### DATA TO PROCESS
(* Let $n\ge 5$ and let $G\in \Theta_n$. (1) $\mathrm{irr}_t(G)\ge 2n-4$. Equality holds if and only if the degree sequence of $G$ is $(3,3,2,\ldots,2)$, i.e. two vertices of degree $3$ and $n-2$ vertices of degree $2$. (2) If the degree sequence of $G$ is not $(3,3,2,\ldots,2)$, then $\mathrm{irr}_t(G)\ge 4n-10$. Equality holds if and only if the degree sequence of $G$ is $(3,3,3,2,\ldots,2,1)$, i.e. three vertices of degree $3$, $n-4$ vertices of degree $2$ and one vertex of degree $1$.
   Context: A bicyclic graph is a simple connected graph whose number of edges equals its number of vertices plus one. For a graph $G=(V,E)$ and $w\in V$, $d_G(w)$ is the degree of $w$. The total irregularity is $\mathrm{irr}_t(G)=\frac12\sum_{x,y\in V}|d_G(x)-d_G(y)|$, where the sum runs over all ordered pairs of vertices. Degree sequences are listed in nonincreasing order. For $p,q\ge 3$ and $l\ge 2$, the $\Theta$-graph $\theta(p,q,l)$ is the graph on $p+q-l$ vertices consisting of two cycles $C_p$ and $C_q$ that have exactly $l$ common vertices, forming a common path. Equivalently, it consists of two vertices joined by three internally disjoint paths. $\Theta_n$ denotes the set of bicyclic graphs on $n$ vertices obtained from some $\theta(p,q,l)$ by attaching trees. *)

From mathcomp Require Import all_boot.
Set Implicit Arguments. Unset Strict Implicit. Unset Printing Implicit Defensive.

Definition simple_graph (n : nat) (e : rel 'I_n) : Prop :=
  symmetric e /\ irreflexive e.

Definition deg (n : nat) (e : rel 'I_n) (x : 'I_n) : nat := #|[set y | e x y]|.

Definition nedges (n : nat) (e : rel 'I_n) : nat :=
  #|[set p : 'I_n * 'I_n | e p.1 p.2 & (p.1 < p.2)%N]|.

Definition connected (n : nat) (e : rel 'I_n) : Prop :=
  forall x y : 'I_n, connect e x y.

Definition bicyclic (n : nat) (e : rel 'I_n) : Prop :=
  simple_graph e /\ connected e /\ nedges e = n.+1.

(* [u] and [v] joined by the path u, p, v (p = list of interior vertices) *)
Definition upath (n : nat) (e : rel 'I_n) (u v : 'I_n) (p : seq 'I_n) : bool :=
  path e u (rcons p v).

(* G contains a Theta-subgraph theta(p,q,l): two distinct vertices u, v joined
   by three internally disjoint paths, at most one of which is a single edge. *)
Definition has_theta (n : nat) (e : rel 'I_n) : Prop :=
  exists (u v : 'I_n) (p1 p2 p3 : seq 'I_n),
    [/\ u != v, upath e u v p1 && upath e u v p2 && upath e u v p3,
        uniq (u :: v :: p1 ++ p2 ++ p3) & (p2 != [::]) && (p3 != [::])].

(* Theta_n: bicyclic graphs obtained from some theta(p,q,l) by attaching trees,
   i.e. bicyclic graphs containing a theta subgraph. *)
Definition in_Theta (n : nat) (e : rel 'I_n) : Prop :=
  bicyclic e /\ has_theta e.

Definition irr_t (n : nat) (e : rel 'I_n) : nat :=
  (\sum_(x : 'I_n) \sum_(y : 'I_n)
      (maxn (deg e x) (deg e y) - minn (deg e x) (deg e y))) %/ 2.

Definition degseq (n : nat) (e : rel 'I_n) : seq nat :=
  sort geq [seq deg e x | x <- enum 'I_n].

From mathcomp Require Import all_boot zify.
Set Implicit Arguments. Unset Strict Implicit. Unset Printing Implicit Defensive.

(* Split every degree at 3: |a - c| = |min(a,3) - min(c,3)| + |(a-3)^+ - (c-3)^+|.
   If k, b, m count the vertices of degree 1, 2 and >= 3 and E is the total
   excess of the degrees over 3, the first part of irr_t contributes
   kb + 2km + bm and the second at least E (k + b).  The handshake lemma for
   n + 1 edges gives m + E = k + 2, and the theta subgraph gives m >= 2.  So
   k = 0 forces m = 2, E = 0, i.e. degree sequence (3,3,2,...,2) and
   irr_t = 2n - 4, while k >= 1 gives irr_t >= 4n - 10, with equality exactly
   when k = 1, m = 3, E = 0. *)

Definition fcount n (f : 'I_n -> nat) (i : nat) : nat :=
  \sum_(y : 'I_n) (f y == i : nat).

Definition absdiff (a c : nat) : nat := maxn a c - minn a c.

Lemma sum_fcount13 n (f : 'I_n -> nat) (G : nat -> nat) :
  (forall y, 1 <= f y <= 3) ->
  \sum_(y : 'I_n) G (f y) =
  G 1 * fcount f 1 + G 2 * fcount f 2 + G 3 * fcount f 3.
Proof.
move=> f_range; rewrite /fcount !big_distrr -!big_split /=.
apply: eq_bigr => y _; have := f_range y.
by case: (f y) => [|[|[|[|?]]]] //= _; lia.
Qed.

### WORK INSTRUCTION
Count how many lines in the listing above hold "have". Supply only that number.

### COMPLETED TASK
2